Sometimes life takes you places you don't want to go... Example I had to drive all over your neighbourhood for work today, and as expected it felt like a good gut punch. The problem with someone who made you happy is what your left with when they go... The opposite of happy. You really filled me with so much joy at one point I got comfortable and decided to stay, even when the joy started to fade. I thought this was it and we were in it for the long haul, I never imagined us ending, but it did and now I miss it so much. But even though I'm missing you so bad I feel it in my bones, I still can't see us back together. I think deep down I know this is right, which may be the only reason I haven't begged you to stay.. But I'm still tempted. I want an early Friday night and a lazy Saturday morning.

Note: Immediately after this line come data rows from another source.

Lemma wedge_adj_pair v u w v1 u1 w1 v2 u2 w2 :
  wedge v u w -> wedge v1 u1 w1 -> wedge v2 u2 w2 ->
  wedge_adj v u w v1 u1 w1 -> wedge_adj v u w v2 u2 w2 -> (v1, u1, w1) != (v2, u2, w2) ->
  ((v1, u1, w1) == (v, w, u)) || ((v2, u2, w2) == (v, w, u)).
Proof.
move=> /and3P[hu hw nuw] /and3P[hu1 hw1 nuw1] /and3P[hu2 hw2 nuw2] /andP[N1 A1] /andP[N2 A2] N12.
case/or3P: A1 => [/eqP[E1 E2]|/eqP[E1 E2]|->] //; subst v1 u1;
  case/or3P: A2 => [/eqP[E1 E2]|/eqP[E1 E2]|->]; rewrite ?orbT //; subst v2 u2; exfalso.
- have n1 := neq_triple N1 erefl erefl; have n2 := neq_triple N2 erefl erefl.
  have n12 := neq_triple N12 erefl erefl.
  have := claw_full (_ : claw v u w w1) hw2; rewrite /claw hu hw hw1 nuw nuw1 n1 /=.
  by rewrite eq_sym (negbTE nuw2) eq_sym (negbTE n2) eq_sym (negbTE n12) => /(_ isT).
- have n1 := neq_triple N1 erefl erefl.
  have := claw_leaf (_ : claw v u w w1) hw2; rewrite /claw hu hw hw1 nuw nuw1 n1 => /(_ isT) E.
  by rewrite E eqxx in nuw2.
- have n2 := neq_triple N2 erefl erefl.
  have := claw_leaf (_ : claw v u w w2) hw1; rewrite /claw hu hw hw2 nuw nuw2 n2 => /(_ isT) E.
  by rewrite E eqxx in nuw1.
- have n12 := neq_triple N12 erefl erefl.
  have := claw_leaf (_ : claw u v w1 w2) hw; rewrite /claw hu1 hw1 hw2 nuw1 nuw2 n12 => /(_ isT) E.
  by rewrite E eqxx in nuw.
Qed.


Lemma KB_deg2 (some_wedge : exists v u w, wedge v u w) (S S1 S2 S3 : KB) :
  KBrel (Brel e) S S1 -> KBrel (Brel e) S S2 -> KBrel (Brel e) S S3 ->
  [|| S1 == S2, S1 == S3 | S2 == S3].
Proof.
have [v [u [w [W E]]]] := KB_betaS e_sym e_irr e_conn some_wedge S.
have [v1 [u1 [w1 [W1 E1]]]] := KB_betaS e_sym e_irr e_conn some_wedge S1.
have [v2 [u2 [w2 [W2 E2]]]] := KB_betaS e_sym e_irr e_conn some_wedge S2.
have [v3 [u3 [w3 [W3 E3]]]] := KB_betaS e_sym e_irr e_conn some_wedge S3.
rewrite (KBrel_betaS e_sym e_irr W W1 E E1) (KBrel_betaS e_sym e_irr W W2 E E2).
rewrite (KBrel_betaS e_sym e_irr W W3 E E3) => A1 A2 A3.
rewrite -[S1 == S2]val_eqE -[S1 == S3]val_eqE -[S2 == S3]val_eqE E1 E2 E3 !betaS_inj //.
apply/negPn/negP; rewrite !negb_or => /and3P[n12 n13 n23].
case/orP: (wedge_adj_pair W W1 W2 A1 A2 n12) => /eqP H1.
  case/orP: (wedge_adj_pair W W2 W3 A2 A3 n23) => /eqP H2; last by move: n13; rewrite H1 H2 eqxx.
  by move: n12; rewrite H1 H2 eqxx.
case/orP: (wedge_adj_pair W W1 W3 A1 A3 n13) => /eqP H3; first by move: n12; rewrite H1 H3 eqxx.
by move: n23; rewrite H1 H3 eqxx.
Qed.

End FewClaws.

Section Necklace.
Variables (T : finType) (e : rel T).
Hypotheses (e_sym : symmetric e) (e_irr : irreflexive e).
Hypothesis e_conn : forall x y : T, connect e x y.
Local Notation KB := (KBvert (Brel e)).
Local Notation wedge := (wedge e).
Variables (v a b c : T).
Hypothesis vabc : claw e v a b c.

(* With pt 0, 1, 2 = a, b, c, the wedges (v, pt (armi k), pt (endi k)), k < 6, are
   (v,a,b), (v,a,c), (v,c,a), (v,c,b), (v,b,c), (v,b,a): cyclically consecutive ones
   share their central edge or are swaps of each other. *)
Definition pt (n : nat) := nth a [:: a; b; c] n.
Definition armi (k : nat) := nth 0 [:: 0; 0; 2; 2; 1; 1] k.
Definition endi (k : nat) := nth 1 [:: 1; 2; 0; 1; 2; 0] k.

Lemma armi_lt k : armi k < 3.
Proof. by rewrite /armi; case: k => [|[|[|[|[|[|k]]]]]] //=; rewrite nth_nil. Qed.
Lemma endi_lt k : endi k < 3.
Proof. by rewrite /endi; case: k => [|[|[|[|[|[|k]]]]]] //=; rewrite nth_nil. Qed.

Lemma pt_inj i j : i < 3 -> j < 3 -> (pt i == pt j) = (i == j).
Proof.
case/and5P: vabc => _ _ _ nab /andP[nac nbc].
case: i => [|[|[|i]]] // _; case: j => [|[|[|j]]] // _; rewrite /pt /= ?eqxx //.
all: by apply/negbTE; rewrite // eq_sym.
Qed.

Lemma e_pt i : i < 3 -> e v (pt i).
Proof. by case/and4P: vabc => ha hb hc _; case: i => [|[|[|i]]]. Qed.

Lemma v_pt i : i < 3 -> (v == pt i) = false.
Proof. by move/e_pt/(e_neq e_irr)/negbTE. Qed.
(* Fix positive reals $d_{close}<d_{min}\le d_{max}$ and $d_{open}>0$. (1) For every real $c$ with $0\le c<d_{open}$ there exist a regular run $R$ (with a single track) and reals $0\le\alpha<\beta$ with $\alpha+c<\beta-\Delta_{close}$ such that TrackStatus$(x)\ne$ incrossing over $(\alpha,\beta)$ for every track $x$, but GateStatus $\neq$ opened at some moment of $[\alpha+c,\,\beta-\Delta_{close}]$. (2) For every real $C<\Delta_{close}$ there exist a regular run $R$ (with a single track) and reals $0\le\alpha<\beta$ with $\alpha+d_{open}<\beta-C$ such that TrackStatus$(x)\ne$ incrossing over $(\alpha,\beta)$ for every track $x$, but GateStatus $\neq$ opened at some moment of $[\alpha+d_{open},\,\beta-C]$.
   Context: Setting (evolving algebra for the railroad crossing). States are structures over a vocabulary containing: a finite universe Tracks; the reals and ExtendedReals $=\mathbb{R}\cup\{\infty\}$ with standard $<$ and $+$ ($\infty$ largest); a nullary real-valued symbol $\mathrm{CT}$ (current time); positive real constants $d_{close},d_{open},d_{min},d_{max}$ with $d_{close}<d_{min}\le d_{max}$; a unary function TrackStatus from Tracks to $\{\text{empty},\text{coming},\text{incrossing}\}$; a unary function Deadline from Tracks to ExtendedReals; a nullary Dir with values in $\{\text{open},\text{close}\}$; a nullary GateStatus with values in $\{\text{opened},\text{closed}\}$. Put $W=d_{min}-d_{close}$ and $\Delta_{close}=d_{close}+(d_{max}-d_{min})=d_{max}-W$. For a track $x$, $s(x)$ is the condition [$\mathrm{TrackStatus}(x)=\text{empty}$ or $\mathrm{CT}+d_{open}<\mathrm{Deadline}(x)$], and SafeToOpen is $\forall x\in\mathrm{Tracks}\ s(x)$. The program has two modules (agents). Gate: simultaneously OpenGate ''if Dir=open then GateStatus:=opened'' and CloseGate ''if Dir=close then GateStatus:=closed''. Controller: simultaneously, for every track $x$, SetDeadline$(x)$ ''if TrackStatus$(x)$=coming and Deadline$(x)=\infty$ then Deadline$(x):=\mathrm{CT}+W$'', SignalClose$(x)$ ''if $\mathrm{CT}=$Deadline$(x)$ then Dir:=close'', ClearDeadline$(x)$ ''if TrackStatus$(x)$=empty and Deadline$(x)<\infty$ then Deadline$(x):=\infty$'', together with SignalOpen ''if Dir=close and SafeToOpen then Dir:=open''. Executing a module means computing all updates it generates in the current state and performing them simultaneously (nothing happens if the update set is inconsistent). A module is enabled at a state if its update set is consistent and contains an update that changes the state. TrackStatus is external (changed only by the environment); Deadline, Dir, GateStatus are internal (changed only by the modules); other symbols are static. Runs: for $t\mapsto R(t)$, $t\in[0,\infty)$, let $\rho(t)$ be the reduct of $R(t)$ without CT. $R$ is a pre-run if all $R(t)$ share a superuniverse, $\mathrm{CT}=t$ in $R(t)$, and for every $\tau>0$ there are $0=t_0<\dots<t_n=\tau$ with $\rho$ constant on each $(t_i,t_{i+1})$. For a term $e$ (free variables fixed), $e_t$ is its value in $R(t)$, $e_{t+}$ (resp. $e_{t-}$, $t>0$) its constant value on some $(t,t+\epsilon)$ (resp. $(t-\epsilon,t)$); likewise $\rho(t\pm)$. $e$ holds over an interval if it holds at each point; $e$ becomes (is set to) $a$ at $t$ if $e_{t-}\ne a=e_t$ or $e_t\neq a=e_{t+}$. A pre-run is a run if (i) whenever $\rho(t+)\neq\rho(t)$, $\rho(t+)$ is the CT-free reduct of the result of executing some modules at $R(t)$ (these agents fire at $t$), with external functions equal in $\rho(t)$ and $\rho(t+)$; (ii) whenever $t>0$ and $\rho(t)\ne\rho(t-)$, they differ only in external functions. An agent is immediate if it fires at every moment it is enabled; bounded if immediate or there is $b>0$ with no interval $(t,t+b)$ over which it is enabled but never fires. Initial states: TrackStatus$(x)$=empty and Deadline$(x)=\infty$ for every track $x$. A regular run is a run $R$ with $R(0)$ initial such that: (Train Motion) for each track $x$ there is a finite or infinite sequence $0=t_0<t_1<t_2<\cdots$ (the significant moments of $x$) with TrackStatus$(x)$=empty over each $[t_{3i},t_{3i+1})$, =coming over each $[t_{3i+1},t_{3i+2})$ where $d_{min}\le t_{3i+2}-t_{3i+1}\le d_{max}$, =incrossing over each $[t_{3i+2},t_{3i+3})$, and, if the sequence is finite with last element $t_k$, then $3\mid k$ and TrackStatus$(x)$=empty over $[t_k,\infty)$; (Controller Timing) Controller is immediate; (Gate Timing) Gate is bounded, there is no interval $(t,t+d_{close})$ over which Dir=close and GateStatus=opened both hold, and no interval $(t,t+d_{open})$ over which Dir=open and GateStatus=closed both hold. *)

From Stdlib Require Import Reals Lra.
Open Scope R_scope.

I miss when you would give me the chance to do something I had never done before, and love me like I hadn't been loved before. I was finally ready for my first love and first real dates, and so many more firsts. I hope you know how appreciated so many of those moments were for me and how sad I am to not have those anymore.
But I also hope you know being good to me doesn't mean I owe you, you are above me, or I have to agree with all you say and do. I tried to be someone you could see yourself with but that may never be enough, and I wouldn't be able to be true to myself. Yet still a part of me wants to have no shame and find a way back into your arms, and that bitch keeps fighting my dignity and self control.
So I write, I cry, and tell myself all the reasons we can't be together. Then do it all again in a few days when I feel worn out and beaten down. But it's hard, and I miss you. I'm scared to go on alone and start over, but apparently if it scares you its one of those things in life you should do, a leap of faith or whatever. Wish me luck.